Background Technological advances constantly provide cutting-edge tools that enhance the progress of diagnostic capabilities. Gastrointestinal stromal tumors belong to a family of mesenchymal tumors where patient triaging is still based on traditional criteria such as mitotic count, tumor size, and tumor location. Limitations of the human eye and randomness in choice of area for mitotic figure counting compel us to seek more objective solutions such as digital image analysis. Presently, the labelling of proliferative activity is becoming a routine task amidst many cancers. The purpose of the present study was to compare the traditional method of prediction based on mitotic ratio with digital image analysis of cell cycle-dependent proteins. Methods Fifty-seven eligible cases were enrolled. Furthermore, a digital analysis of previously performed whole tissue section immunohistochemical assays was executed. Digital labelling covered both hotspots and not-hotspots equally. Results We noted a significant diversity of proliferative activities, and consequently, the results pointed to 6.5% of Ki-67, counted in hotspots, as the optimal cut-off for low–high-grade GIST. ROC analysis (AUC = 0.913; 95% CI: 0.828–0.997, p < 0.00001) and odds ratio (OR = 40.0, 95% CI: 6.7–237.3, p < 0.0001) pointed to Ki-67 16% as the cut-off for very high-grade (groups 5–6) cases. With help of a tumor digital map, we revealed possible errors resulting from a wrong choice of field for analysis.

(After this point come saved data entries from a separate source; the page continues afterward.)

(* For every positive integer $n$, every real $t\in[0,n)$ and every $p\in[0,1]$, if $B\sim\mathrm{Binom}(n,p)$ then \[ \mathbb{E}\Big[\exp\Big(t\cdot D\big((B/n,1-B/n)\,\|\,(p,1-p)\big)\Big)\Big]\leq\frac{1}{1-t/n}. \]
   Context: $D\big((q,1-q)\,\|\,(p,1-p)\big)=q\log\frac{q}{p}+(1-q)\log\frac{1-q}{1-p}$ is the Kullback--Leibler divergence between Bernoulli distributions (natural logarithm, convention $0\log(0/p)=0$). *)

From Stdlib Require Import Reals.
Open Scope R_scope.

Definition xlog_ratio (q p : R) : R :=
  if Req_EM_T q 0 then 0 else q * ln (q / p).

Definition KL_bern (q p : R) : R :=
  xlog_ratio q p + xlog_ratio (1 - q) (1 - p).

(* Expectation E[f(B)] for B ~ Binom(n,p):
   sum_{k=0}^{n} C(n,k) p^k (1-p)^(n-k) f(k).  (sum_f_R0 g n = g 0 + ... + g n) *)
Definition binom_expect (n : nat) (p : R) (f : nat -> R) : R :=
  sum_f_R0 (fun k => C n k * p ^ k * (1 - p) ^ (n - k) * f k) n.

(* Write lam = t/n and q = k/n.  The k-th term of the expectation is
   C(n,k) (p^(1-lam) q^lam)^k ((1-p)^(1-lam) (1-q)^lam)^(n-k), so weighted AM-GM
   bounds it by C(n,k) u_k^k (1-u_k)^(n-k) with u_k = (1-lam) p + k lam/n.
   The sum of these bounds is an Abel-type sum:
     sum_k C(n,k) (x+kz)^k (s-x-kz)^(n-k) = sum_j n(n-1)...(n-j+1) z^j s^(n-j),
   because after expanding (s-x-kz)^(n-k) the coefficient of s^i is C(n,i) times
   the (n-i)-th forward difference of the polynomial k |-> (x+kz)^(n-i) of degree n-i.
   For s = 1 and z = lam/n the j-th term is at most lam^j, whence the bound 1/(1-lam). *)

From Stdlib Require Import Reals Lra.
From Corelib Require Import ssreflect.
Open Scope R_scope.

Module AbelSum.

From mathcomp Require Import all_boot all_order all_algebra ring Rstruct.
Set Implicit Arguments.
Unset Strict Implicit.
Import Order.TTheory GRing.Theory Num.Theory.

Lemma ffactD n k i : (n ^_ (k + i) = n ^_ k * (n - k) ^_ i)%N.
Proof.
elim: i => [|i IHi]; first by rewrite addn0 ffactn0 muln1.
by rewrite addnS !ffactnSr IHi subnDA mulnA.
Qed.

Lemma bin_mul_bin_sub n k i : ('C(n, k) * 'C(n - k, i) = 'C(n, i) * 'C(n - i, k))%N.
Proof.
have kifact_gt0 : (0 < k`! * i`!)%N by rewrite muln_gt0 !fact_gt0.
apply/eqP; rewrite -(eqn_pmul2r kifact_gt0).
rewrite mulnACA bin_ffact bin_ffact -ffactD.
by rewrite [(k`! * _)%N]mulnC mulnACA !bin_ffact -ffactD addnC.
Qed.

Lemma ffact_leq_expn n j : (n ^_ j <= n ^ j)%N.
Proof.
rewrite ffact_prod -[in (n ^ j)%N](card_ord j) -prod_nat_const.
by apply: leq_prod => i _; apply: leq_subr.
Qed.

Lemma sum_ord_widen0 (V : nmodType) a b (F : nat -> V) : (a <= b)%N ->
  (forall i, (a <= i)%N -> F i = 0%R) -> (\sum_(i < a) F i = \sum_(i < b) F i)%R.
Proof.
move=> le_ab F0; rewrite (big_ord_widen _ _ le_ab) big_mkcond.
by apply: eq_bigr => i _; case: ltnP => // /F0 ->.
Qed.

Section AbelIdentity.

Local Open Scope ring_scope.

Variable R : comNzRingType.

Definition forward_diff m (f : nat -> R) :=
  \sum_(k < m.+1) (-1) ^+ (m - k) * 'C(m, k)%:R * f k.

Lemma forward_diffS m f :
  forward_diff m.+1 f = forward_diff m (fun k => f k.+1 - f k).
Proof.
have sign_shift k : (k <= m)%N -> (-1) ^+ (m.+1 - k) = - (-1) ^+ (m - k) :> R.
  by move=> le_km; rewrite subSn // exprS mulN1r.
rewrite /forward_diff big_ord_recl /=.
under eq_bigr => i _ do rewrite /bump /= subSS binS natrD mulrDr mulrDl.
under [RHS]eq_bigr => i _ do rewrite mulrBr.
rewrite big_split sumrB /= addrA addrC; congr (_ + _).
transitivity (\sum_(k < m.+2) (-1) ^+ (m.+1 - k) * 'C(m, k)%:R * f k).
  by rewrite [RHS]big_ord_recl !bin0.
rewrite big_ord_recr /= bin_small // mulr0 mul0r addr0 -sumrN.
by apply: eq_bigr => k _; rewrite (sign_shift k (ltn_ord k)) !mulNr.
Qed.

Lemma eq_forward_diff m f g : f =1 g -> forward_diff m f = forward_diff m g.
Proof. by move=> eq_fg; apply: eq_bigr => k _; rewrite eq_fg. Qed.

Lemma forward_diff_sum m e (c : nat -> R) (F : nat -> nat -> R) :
  forward_diff m (fun k => \sum_(i < e) c i * F i k)
  = \sum_(i < e) c i * forward_diff m (F i).
Proof.
rewrite /forward_diff; under eq_bigr => k _ do rewrite big_distrr.
rewrite exchange_big; apply: eq_bigr => i _ /=; rewrite big_distrr.
by apply: eq_bigr => k _; rewrite mulrCA.
Qed.

Lemma forward_diff_affine_pow m e (x z : R) : (e <= m)%N ->
  forward_diff m (fun k => (x + k%:R * z) ^+ e)
  = if e == m then m`!%:R * z ^+ m else 0.
Proof.
elim: m x e => [|m IHm] x e.
  by rewrite leqn0 => /eqP ->; rewrite /forward_diff big_ord1 !expr0 bin0 !mulr1.
move=> le_e_Sm; rewrite forward_diffS.
have binomial_step : (fun k => (x + k.+1%:R * z) ^+ e - (x + k%:R * z) ^+ e)
    =1 (fun k => \sum_(i < e) z ^+ (e - i) * 'C(e, i)%:R * (x + k%:R * z) ^+ i).
  move=> k; rewrite -[k.+1]addn1 natrD mulrDl mul1r addrA [_ + z]addrC exprDn.
  rewrite big_ord_recr /= subnn expr0 mul1r binn mulr1n addrK.
  by apply: eq_bigr => i _; rewrite -mulr_natr mulrAC.
rewrite (eq_forward_diff _ binomial_step) (forward_diff_sum _ _
  (fun i => z ^+ (e - i) * 'C(e, i)%:R) (fun i k => (x + k%:R * z) ^+ i)).
rewrite (eq_bigr (fun i : 'I_e =>
           z ^+ (e - i) * 'C(e, i)%:R * if i == m :> nat then m`!%:R * z ^+ m else 0));
  last by move=> i _; rewrite IHm // -ltnS (leq_trans (ltn_ord i)).
case: (ltnP e m.+1) => [lt_e_Sm | le_Sm_e].
  rewrite (ltn_eqF lt_e_Sm) big1 // => i _.
  by rewrite (ltn_eqF (leq_trans (ltn_ord i) lt_e_Sm)) mulr0.
have -> : e = m.+1 by apply/eqP; rewrite eqn_leq le_e_Sm le_Sm_e.
rewrite eqxx big_ord_recr /= big1 ?add0r => [|i _]; last first.
  by rewrite (ltn_eqF (ltn_ord i)) mulr0.
by rewrite eqxx subSn // subnn binSn factS natrM expr1 exprS; ring.
Qed.

Lemma forward_diff_widen m b f : (m < b)%N ->
  forward_diff m f = \sum_(k < b) (-1) ^+ (m - k) * 'C(m, k)%:R * f k.
Proof.
move=> lt_mb.
apply: (sum_ord_widen0 (F := fun k => (-1) ^+ (m - k) * 'C(m, k)%:R * f k)) => //.
by move=> k lt_mk; rewrite bin_small // mulr0 mul0r.
Qed.

Lemma abel_identity n (x z s : R) :
  \sum_(k < n.+1) 'C(n, k)%:R * (x + k%:R * z) ^+ k * (s - (x + k%:R * z)) ^+ (n - k)
  = \sum_(j < n.+1) (n ^_ j)%:R * z ^+ j * s ^+ (n - j).
Proof.
pose u k := x + k%:R * z.
under eq_bigr => k _ do rewrite -/(u k).
pose T k i := s ^+ i * (('C(n, k) * 'C(n - k, i))%:R * u k ^+ k * (- u k) ^+ (n - k - i)).
have expand k : 'C(n, k)%:R * u k ^+ k * (s - u k) ^+ (n - k) = \sum_(i < n.+1) T k i.
  rewrite -(@sum_ord_widen0 _ (n - k).+1) => [||i lt_nk_i]; last 2 first.
  - by rewrite ltnS leq_subr.
  - by rewrite /T (@bin_small (n - k) i) // muln0 mulr0n !mul0r mulr0.
  rewrite [s - _]addrC (exprDn (- u k) s) big_distrr /=.
  by apply: eq_bigr => i _; rewrite /T natrM -mulr_natr; ring.
have inner i : (i <= n)%N ->
    \sum_(k < n.+1) T k i = s ^+ i * ('C(n, i)%:R * ((n - i)`!%:R * z ^+ (n - i))).
  move=> le_in; have := forward_diff_affine_pow x z (leqnn (n - i)); rewrite eqxx => <-.
  have lt_ni_Sn : (n - i < n.+1)%N by rewrite ltnS leq_subr.
  rewrite (forward_diff_widen _ lt_ni_Sn) !big_distrr /=.
  apply: eq_bigr => k _; rewrite /T bin_mul_bin_sub.
  case: (leqP k (n - i)) => [le_k_ni | lt_ni_k]; last first.
    by rewrite (@bin_small (n - i) k) // !(muln0, mulr0n, mul0r, mulr0).
  have split_pow : u k ^+ (n - i) = u k ^+ k * u k ^+ (n - i - k).
    by rewrite -exprD subnKC.
  by rewrite split_pow natrM subnAC (exprNn (u k)); ring.
under eq_bigr => k _ do rewrite expand.
rewrite exchange_big /=.
transitivity (\sum_(i < n.+1) s ^+ i * ('C(n, i)%:R * ((n - i)`!%:R * z ^+ (n - i)))).
  by apply: eq_bigr => i _; apply: inner; rewrite -ltnS.
rewrite (reindex_inj rev_ord_inj) /=; apply: eq_bigr => j _.
have le_jn : (j <= n)%N by rewrite -ltnS.
by rewrite subKn // bin_sub // [_ * (_ * z ^+ j)]mulrA -natrM bin_ffact mulrC.
Qed.

End AbelIdentity.

Section AbelBound.

Local Open Scope ring_scope.

Variable R : realFieldType.

Lemma geometric_sum_le (lam : R) m : 0 <= lam < 1 ->
  \sum_(j < m) lam ^+ j <= (1 - lam)^-1.
Proof.
case/andP => lam_ge0 lam_lt1; have gap_gt0 : 0 < 1 - lam by rewrite subr_gt0.
rewrite -(ler_pM2r gap_gt0) mulVf ?gt_eqF // mulrC -opprB mulNr -subrX1 opprB.
by rewrite lerBlDr lerDl exprn_ge0.
Qed.

Lemma abel_sum_le n (x lam : R) : (0 < n)%N -> 0 <= lam < 1 ->
  \sum_(k < n.+1) 'C(n, k)%:R * (x + k%:R * (lam / n%:R)) ^+ k
                   * (1 - (x + k%:R * (lam / n%:R))) ^+ (n - k)
  <= (1 - lam)^-1.
Proof.
move=> n_gt0 lam_range; have /andP[lam_ge0 _] := lam_range.
rewrite abel_identity; apply: le_trans (geometric_sum_le n.+1 lam_range).
apply: ler_sum => j _; rewrite expr1n mulr1 expr_div_n mulrA.
rewrite ler_pdivrMr ?exprn_gt0 ?ltr0n // mulrC ler_wpM2l ?exprn_ge0 //.
by rewrite -natrX ler_nat ffact_leq_expn.
Qed.

End AbelBound.

Lemma C_INR_binomial n k : (k <= n)%N -> C n k = INR 'C(n, k).
Proof.
move=> le_kn; rewrite /C; have -> : Nat.sub n k = (n - k)%N by [].
rewrite !factE !INRE RdivE RmultE -(bin_fact le_kn) !natrM.
by field; rewrite !pnatr_eq0 -!lt0n !fact_gt0.
Qed.

Lemma abel_sum_le_R n (x lam : R) : (0 < n)%coq_nat -> 0 <= lam < 1 ->
  sum_f_R0 (fun k => C n k * (x + INR k * (lam / INR n)) ^ k
                      * (1 - (x + INR k * (lam / INR n))) ^ (n - k)%coq_nat) n
  <= / (1 - lam).
Proof.
move=> /ssrnat.ltP n_gt0 [/RleP lam_ge0 /RltP lam_lt1]; apply/RleP.
rewrite sum_f_R0E big_mkord.
under eq_bigr => k _ do rewrite (@C_INR_binomial n k (ltn_ord k)) !RpowE !INRE.
by apply: abel_sum_le => //; rewrite lam_ge0.
Qed.

End AbelSum.

Lemma exp_tangent_le a b : exp a * (1 + (b - a)) <= exp b.
Proof.
have -> : exp b = exp a * exp (b - a) by rewrite -exp_plus; congr exp; ring.
by apply: Rmult_le_compat_l; [apply: Rlt_le; apply: exp_pos | apply: exp_ineq1_le].
Qed.

Lemma exp_convex x y lam : 0 <= lam <= 1 ->
  exp ((1 - lam) * x + lam * y) <= (1 - lam) * exp x + lam * exp y.
Proof.
move=> lam_range; set m := (1 - lam) * x + lam * y.
have tangent_x := exp_tangent_le m x; have tangent_y := exp_tangent_le m y.
have : (1 - lam) * (exp m * (1 + (x - m))) + lam * (exp m * (1 + (y - m))) = exp m.
  by rewrite /m; ring.
nra.
Qed.

(* Weighted AM-GM: the left-hand side is a^(1-lam) q^lam. *)
Lemma mul_exp_ln_ratio_le a q lam : 0 <= a -> 0 < q -> 0 <= lam <= 1 ->
  a * exp (lam * ln (q / a)) <= (1 - lam) * a + lam * q.
Proof.
move=> a_ge0 q_gt0 lam_range; case: (Rle_lt_or_eq_dec _ _ a_ge0) => [a_gt0 | <-]; last first.
  by rewrite Rmult_0_l; nra.
have -> : a * exp (lam * ln (q / a)) = exp ((1 - lam) * ln a + lam * ln q).
  have inv_a_gt0 : 0 < / a by apply: Rinv_0_lt_compat.
  rewrite /Rdiv ln_mult // ln_Rinv //.
  by rewrite -{1}(exp_ln a a_gt0) -exp_plus; congr exp; ring.
by have := exp_convex (ln a) (ln q) lam lam_range; rewrite !exp_ln.
Qed.

Lemma pow_mul_exp_ln_ratio_le k m a lam : 0 < m -> 0 <= a -> 0 <= lam <= 1 ->
  (a * exp (lam * ln (INR k / m / a))) ^ k
  <= ((1 - lam) * a + lam * (INR k / m)) ^ k.
Proof.
move=> m_gt0 a_ge0 lam_range; case: k => [|k]; first exact: Rle_refl.
apply: pow_incr; split.
  by apply: Rmult_le_pos a_ge0 _; apply: Rlt_le; apply: exp_pos.
apply: mul_exp_ln_ratio_le => //.
by apply: Rdiv_lt_0_compat m_gt0; apply: lt_0_INR; apply: Nat.lt_0_succ.
Qed.

Lemma xlog_ratioE q p : xlog_ratio q p = q * ln (q / p).
Proof. by rewrite /xlog_ratio; case: Req_EM_T => [-> | _]; rewrite ?Rmult_0_l. Qed.

Lemma exp_INR_mul k y : exp (INR k * y) = exp y ^ k.
Proof.
elim: k => [|k IHk]; first by rewrite Rmult_0_l exp_0.
by rewrite S_INR Rmult_plus_distr_r Rmult_1_l exp_plus IHk /= Rmult_comm.
Qed.

Lemma exp_mul_KL_bern n k p lam : (0 < n)%nat -> (k <= n)%nat ->
  exp (lam * INR n * KL_bern (INR k / INR n) p)
  = exp (lam * ln (INR k / INR n / p)) ^ k
    * exp (lam * ln (INR (n - k) / INR n / (1 - p))) ^ (n - k).
Proof.
move=> n_gt0 le_kn; have n_pos : 0 < INR n by apply: lt_0_INR.
have compl : 1 - INR k / INR n = INR (n - k) / INR n by rewrite minus_INR //; field; lra.
rewrite /KL_bern !xlog_ratioE compl -!exp_INR_mul -exp_plus; congr exp.
by field; lra.
Qed.

Lemma binomial_weight_exp_KL_le n k p lam :
  (0 < n)%nat -> (k <= n)%nat -> 0 <= p <= 1 -> 0 <= lam <= 1 ->
  p ^ k * (1 - p) ^ (n - k) * exp (lam * INR n * KL_bern (INR k / INR n) p)
  <= ((1 - lam) * p + INR k * (lam / INR n)) ^ k
     * (1 - ((1 - lam) * p + INR k * (lam / INR n))) ^ (n - k).
Proof.
move=> n_gt0 le_kn [p_ge0 p_le1] lam_range.
have n_pos : 0 < INR n by apply: lt_0_INR.
rewrite exp_mul_KL_bern //.
set e1 := exp (lam * _); set e2 := exp (lam * _).
have -> : p ^ k * (1 - p) ^ (n - k) * (e1 ^ k * e2 ^ (n - k))
          = (p * e1) ^ k * ((1 - p) * e2) ^ (n - k) by rewrite !Rpow_mult_distr; ring.
have -> : (1 - lam) * p + INR k * (lam / INR n) = (1 - lam) * p + lam * (INR k / INR n).
  by field; lra.
have -> : 1 - ((1 - lam) * p + lam * (INR k / INR n))
          = (1 - lam) * (1 - p) + lam * (INR (n - k) / INR n).
  by rewrite minus_INR //; field; lra.
apply: Rmult_le_compat.
- by apply: pow_le; apply: Rmult_le_pos p_ge0 _; apply: Rlt_le; apply: exp_pos.
- by apply: pow_le; apply: Rmult_le_pos; [lra | apply: Rlt_le; apply: exp_pos].
- exact: pow_mul_exp_ln_ratio_le.
- by apply: pow_mul_exp_ln_ratio_le => //; lra.
Qed.

Lemma C_ge0 n k : 0 <= C n k.
Proof.
rewrite /C; apply: Rmult_le_pos; first exact: pos_INR.
by apply/Rlt_le/Rinv_0_lt_compat/Rmult_lt_0_compat; apply: INR_fact_lt_0.
Qed.

Theorem proposition2p5 :
  forall (n : nat) (t p : R),
    (0 < n)%nat ->
    0 <= t < INR n ->
    0 <= p <= 1 ->
    binom_expect n p (fun k => exp (t * KL_bern (INR k / INR n) p))
      <= 1 / (1 - t / INR n).
Proof.
move=> n t p n_gt0 [t_ge0 t_lt_n] p_range.
have n_pos : 0 < INR n by apply: lt_0_INR.
set lam := t / INR n.
have t_eq : t = lam * INR n by rewrite /lam; field; lra.
have [lam_ge0 lam_lt1] : 0 <= lam < 1 by split; nra.
rewrite {1}t_eq Rdiv_1_l /binom_expect.
have abel_bound := AbelSum.abel_sum_le_R ((1 - lam) * p) n_gt0 (conj lam_ge0 lam_lt1).
apply: (Rle_trans _ _ _ _ abel_bound); apply: sum_Rle => k le_kn.
have lam_le1 : 0 <= lam <= 1 by split; lra.
have := binomial_weight_exp_KL_le n k p lam n_gt0 le_kn p_range lam_le1.
have := C_ge0 n k; nra.
Qed.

We confirmed that Ki-67 scores are in line with the level of intracellular metabolism that could be used as the additional biomarker. Conclusions Tumor digital masking is very promising solution for repeatable and objective labelling. Software adjustments of nuclear shape, outlines, size, etc. are helpful to omit other Ki-67-positive cells especially small lymphocytes. Our results pointed to Ki-67 as a good biomarker in GIST, but concurrently, we noted significant differences in used digital approaches which could lead to unequivocal results.

中文翻译:

肿瘤数字掩蔽允许精确的患者分类:基于胃肠道间质瘤中 Ki-67 评分的研究

背景技术进步不断提供尖端工具来增强诊断能力的进步。胃肠道间质瘤属于间充质肿瘤家族,其中患者分类仍基于传统标准,如有丝分裂计数、肿瘤大小和肿瘤位置。人眼的局限性和有丝分裂计数区域选择的随机性迫使我们寻求更客观的解决方案,例如数字图像分析。目前,增殖活动的标记正在成为许多癌症中的常规任务。本研究的目的是将基于有丝分裂率的传统预测方法与细胞周期依赖性蛋白的数字图像分析进行比较。方法纳入57例符合条件的病例。此外,对先前进行的全组织切片免疫组织化学测定进行了数字分析。数字标签同样覆盖了热点和非热点。结果我们注意到增殖活动的显着多样性,因此,结果指出,在热点中计数的 Ki-67 的 6.5% 作为低-高级别 GIST 的最佳截止值。ROC 分析 (AUC = 0.913; 95% CI: 0.828–0.997, p < 0.00001) 和优势比 (OR = 40.0, 95% CI: 6.7–237.3, p < 0.0001) 指出 Ki-67 16% 作为切点非常高级别(第 5-6 组)病例关闭。在肿瘤数字地图的帮助下,我们揭示了由于选择错误的分析领域而可能导致的错误。我们证实 Ki-67 评分与可用作额外生物标志物的细胞内代谢水平一致。结论 肿瘤数字掩蔽是可重复和客观标记的非常有前景的解决方案。核形状、轮廓、大小等的软件调整有助于省略其他 Ki-67 阳性细胞,尤其是小淋巴细胞。我们的结果表明 Ki-67 在 GIST 中是一个很好的生物标志物,但同时,我们注意到使用的数字方法存在显着差异,这可能导致明确的结果。